Beckie stopped going out on the avenue; she hadn’t left the house in the past two months. No one visited her, no one invited her to go out, and no one talked to her about her grief. The only solace she found was that it was in her grasp to end her pain. She knew that living without Samuel was not an option. She knew she had to die with him. If only she had walked with him to work that early morning she would have a knife in her as well. She knew she couldn’t put a knife in herself so she went to the garage and picked up one of Samuel’s ropes. She went back in the house and tied one end of the rope to a beam in the kitchen. That was the hardest part. The noose, the chair, the kicking of the chair was easy. Much easier than dealing with the grief.
After several weeks of monitoring Beckie and Samuel’s house for clues, and seeing absolutely no activity, the police decided to enter the house. The three patrols called into the action started by knocking repeatedly at the front door and then the back door. They looked in all the windows but all were covered with drapes or blinds. They entered the house by battering down the door and all were struck by the stench that emanated from the home. It didn’t take them long to find Beckie hanging in the kitchen.

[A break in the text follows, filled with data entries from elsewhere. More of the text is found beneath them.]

Lemma rk_tperm u (a b : 'I_n) P v : b = a.+1 :> nat -> P != b :> nat ->
  rk (tperm a b * u) P v = rk u P v.
Proof.
move=> eab Pb; rewrite /rk (reindex_inj (@perm_inj _ (tperm a b))) /=.
apply: eq_bigr => Q _; rewrite permM tpermK; congr (_ && _).
by case: tpermP => [->|->|//]; move: Pb; rewrite eab; case: eqP; lia.
Qed.

Lemma rk_tperm_at u (a b : 'I_n) v : b = a.+1 :> nat ->
  rk (tperm a b * u) b v = rk u a v + (v <= u b).
Proof.
move=> eab; rewrite eab rkS rk_tperm ?permM ?tpermL //.
by rewrite eab; apply/eqP; lia.
Qed.

(* The lifting property of Bruhat order. *)
Lemma rk_le_tperm_up u w (a b : 'I_n) : b = a.+1 :> nat -> w a < w b -> rk_le u w ->
  rk_le u (tperm a b * w) /\ rk_le (tperm a b * u) (tperm a b * w).
Proof.
move=> eab wab uw; split=> P v;
  (have [->|Pb] := eqVneq P b; last by rewrite ?rk_tperm //; apply: uw).
all: have := uw a v; have := uw b.+1 v; rewrite ?rk_tperm_at // !rkS eab !rkS.
all: by case: (leqP v (u a)); case: (leqP v (u b)); case: (leqP v (w a));
  case: (leqP v (w b)) => /=; lia.
Qed.

Lemma rk_le_tperm_down u w (a b : 'I_n) : b = a.+1 :> nat -> w b < w a -> rk_le u w ->
  (u a < u b -> rk_le u (tperm a b * w)) /\
  (u b < u a -> rk_le (tperm a b * u) (tperm a b * w)).
Proof.
move=> eab wba uw; split=> uab P v;
  (have [->|Pb] := eqVneq P b; last by rewrite ?rk_tperm //; apply: uw).
all: have := uw a v; have := uw b.+1 v; rewrite ?rk_tperm_at // !rkS eab !rkS.
all: by case: (leqP v (u a)); case: (leqP v (u b)); case: (leqP v (w a));
  case: (leqP v (w b)) => /=; lia.
Qed.

Lemma reduced_rcons w s k : reduced_word w (rcons s k) -> exists a b : 'I_n,
  [/\ b = a.+1 :> nat, sigma n k = tperm a b, w = tperm a b * word_perm n s,
      word_perm n s a < word_perm n s b & reduced_word (word_perm n s) s].
Proof.
case/reduced_wordE; rewrite valid_word_rcons word_perm_rcons size_rcons.
case/andP=> vs kv <- ss; have [a [b [_ _ eab sk]]] := sigma_tperm kv.
exists a, b; rewrite sk in ss *; set W := word_perm n s in ss *.
have := ninv_tperm W eab; have := ninv_word vs; rewrite -/W -ss.
case: (ltngtP (W a) (W b)) => [Wab | Wba | /val_inj/perm_inj ab] /=.
- by move=> ninvW ninv_tW; split=> //; apply/reduced_wordE; split=> //; lia.
- by lia.
- by move: eab; rewrite ab; lia.
Qed.

Lemma subword_rk_le w s t : reduced_word w s -> subseq t s -> rk_le (word_perm n t) w.
Proof.
elim/last_ind: s w t => [|s k IH] w t rs.
  by rewrite subseq0 => /eqP ->; case: rs => _ <- _; apply: rk_le_refl.
have [a [b [eab sk -> Wab rs']]] := reduced_rcons rs.
case/subseq_rconsP => [ts | [t' -> ts]].
  exact: (rk_le_tperm_up eab Wab (IH _ _ rs' ts)).1.
by rewrite word_perm_rcons sk; apply: (rk_le_tperm_up eab Wab (IH _ _ rs' ts)).2.
Qed.

Lemma rk_le1 u : rk_le 1 u.
Proof. by have [s rs] := reduced_word_exists u; apply: (subword_rk_le rs (sub0seq s)). Qed.

Lemma rk_le_subword w s u : reduced_word w s -> rk_le u w ->
  exists2 t, subseq t s & reduced_word u t.
Proof.
elim/last_ind: s w u => [|s k IH] w u rs uw.
  have w1 : w = 1 by case: rs => _ <-.
  have -> : u = 1 by apply: rk_le_anti; [rewrite -w1 | apply: rk_le1].
  by exists [::]; last by apply/reduced_wordE; rewrite ninv1.
have kv : 0 < k < n by case/reduced_wordE: rs; rewrite valid_word_rcons => /andP[_ ->].
have [a [b [eab sk ew Wab rs']]] := reduced_rcons rs.
have tw : tperm a b * w = word_perm n s by rewrite ew mulgA tperm2 mul1g.
have wba : w b < w a by rewrite ew !permM tpermL tpermR.
have [up down] := rk_le_tperm_down eab wba uw; rewrite tw in up down.
case: (ltngtP (u a) (u b)) => [uab | uba | /val_inj/perm_inj ab].
- have [t ts rt] := IH _ _ rs' (up uab).
  by exists t => //; apply: subseq_trans ts (subseq_rcons s k).
- have [t ts /reduced_wordE[vt wt st]] := IH _ _ rs' (down uba).
  exists (rcons t k); first by rewrite -!cats1 subseq_cat2r.
  apply/reduced_wordE; split; first by rewrite valid_word_rcons vt kv.
    by rewrite word_perm_rcons wt sk mulgA tperm2 mul1g.
  have := ninv_tperm u eab; rewrite size_rcons st uba ltnNge (ltnW uba).
  by set m := ninv _ => /=; lia.
- by move: eab; rewrite ab; lia.
Qed.

Lemma bruhatE u w : bruhat u w <-> rk_le u w.
Proof.
split=> [[su [sw [ru rw sub]]] | uw].
  by case: (ru) => _ <- _; apply: subword_rk_le rw sub.
have [sw rw] := reduced_word_exists w; have [su sub ru] := rk_le_subword rw uw.
by exists su, sw.
Qed.

End Tableau.

(** * A prism has an unconfined letter *)

Lemma split_first (T : eqType) (x : T) s : x \in s ->
  exists p1 p2, s = p1 ++ x :: p2 /\ x \notin p1.
Proof.
move=> xs; exists (take (index x s) s), (drop (index x s).+1 s).
by rewrite -drop_index // cat_take_drop in_take // ltnn.
Qed.

Lemma between_mem s1 s2 (x k : nat) : between (s1 ++ x :: s2) (size s1) k ->
  k \in s1 /\ k \in s2.
Proof.
case=> a [b [/andP[ha hb] hbs ea eb]]; split.
  by rewrite -ea nth_cat ha mem_nth.
rewrite -eb nth_cat ltnNge ltnW //=; case E: (b - size s1) => [|c]; first by lia.
by rewrite /= mem_nth //; move: hbs; rewrite size_cat /=; lia.
Qed.

Lemma mem_between s1 s2 (x k : nat) : k \in s1 -> k \in s2 ->
  between (s1 ++ x :: s2) (size s1) k.
Proof.
move=> ks1 ks2; exists (index k s1), (size s1 + (index k s2).+1); split.
- by rewrite index_mem ks1 /=; lia.
- by rewrite size_cat /= ltn_add2l ltnS index_mem.
- by rewrite nth_cat index_mem ks1 nth_index.
- by rewrite nth_cat ltnNge leq_addr /= addKn /= nth_index.
Qed.

Section SimpleReflections.
Variable n : nat.

Lemma ninv_sigma k : 0 < k < n -> ninv (sigma n k) = 1%N.
Proof.
move=> kv; have [a [b [_ _ eab ->]]] := sigma_tperm kv.
by have := ninv_tperm 1 eab; rewrite mulg1 !perm1 ninv1 eab ltnSn; set m := ninv _; lia.
Qed.

Lemma reduced_sigma k : 0 < k < n -> reduced_word (sigma n k) [:: k].
Proof. by move=> kv; apply/reduced_wordE; rewrite word_perm1 ninv_sigma //= /valid_word /= kv. Qed.

Lemma sigma_neq1 k : 0 < k < n -> sigma n k != 1.
Proof. by move=> kv; apply/eqP => e; have := ninv_sigma kv; rewrite e ninv1. Qed.

Lemma reduced_adjacent k l : 0 < k < n -> 0 < l < n -> adjacent k l ->
  reduced_word (word_perm n [:: k; l]) [:: k; l].
Proof.
move=> kv lv kl; apply/reduced_wordE; split=> //; first by rewrite /valid_word /= kv lv.
rewrite word_perm2; have [a [b [ea eb eab ->]]] := sigma_tperm lv.
have := ninv_tperm (sigma n k) eab; rewrite ninv_sigma // !sigma_val // ea eb /=.
set m := ninv _; move: kv lv; case/orP: kl => /eqP ->;
  by repeat case: eqP => //=; lia.
Qed.

Lemma adjacent_noncomm k l : 0 < k < n -> 0 < l < n -> adjacent k l ->
  sigma n l * sigma n k != sigma n k * sigma n l.
Proof.
move=> kv lv kl; apply/eqP => e; have z_lt_n : k.-1 < n by lia.
have := congr1 (fun p : {perm 'I_n} => val (p (Ordinal z_lt_n))) e.
rewrite /= !permM !sigma_val //=; move: kv lv; case/orP: kl => /eqP ->;
  by repeat case: eqP => //=; lia.
Qed.

Lemma rk_le_sigma k l : 0 < k < n -> 0 < l < n -> rk_le (sigma n l) (sigma n k) -> l = k.
Proof.
move=> kv lv lk; have [t] := rk_le_subword (reduced_sigma kv) lk.
case/subseq_consP => [|[t' ->]]; rewrite subseq0 => /eqP -> /reduced_wordE[_ e _].
  by move: (sigma_neq1 lv); rewrite -e eqxx.
by apply: (@sigma_inj n) => //; rewrite -e word_perm1.
Qed.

The death of Samuel Reisenthef and the suicide of Beckie Reisenthef were emblematic of the death toll ringing for Sostenuto Avenue. At the time of Beckie’s death, there were hardly any residents left on the avenue to take notice. The police never solved the Chief Samuel case, although they continued to look for clues and suspects. The final demise of the avenue began shortly after Beckie had been found.
First the antique store moved to the big city leaving another tremendous hole on Sostenuto Avenue, followed by the fabric and kite shops. They had tried to consolidate businesses by offering special fabric for trick kites but there were no customers for such products. Eventually even the hardware store had to shut its doors due to lack of customers. Finally, The Clothing Emporium and Avenue Source both closed their doors. Everything was discounted and what did not sell, which was most of their inventories, was donated to a homeless center fifty miles away.
Like Samuel and Beckie, Sostenuto Avenue died a dark and quiet death. The few remaining street lamps finally dimmed to nothingness. An occasional wind tossed old posters and other garbage around the avenue. The decrepit phone booth was one of the last monuments to be seen. One moment the avenue was there, and the next it was gone. Anton was not there to see it happen. But I was.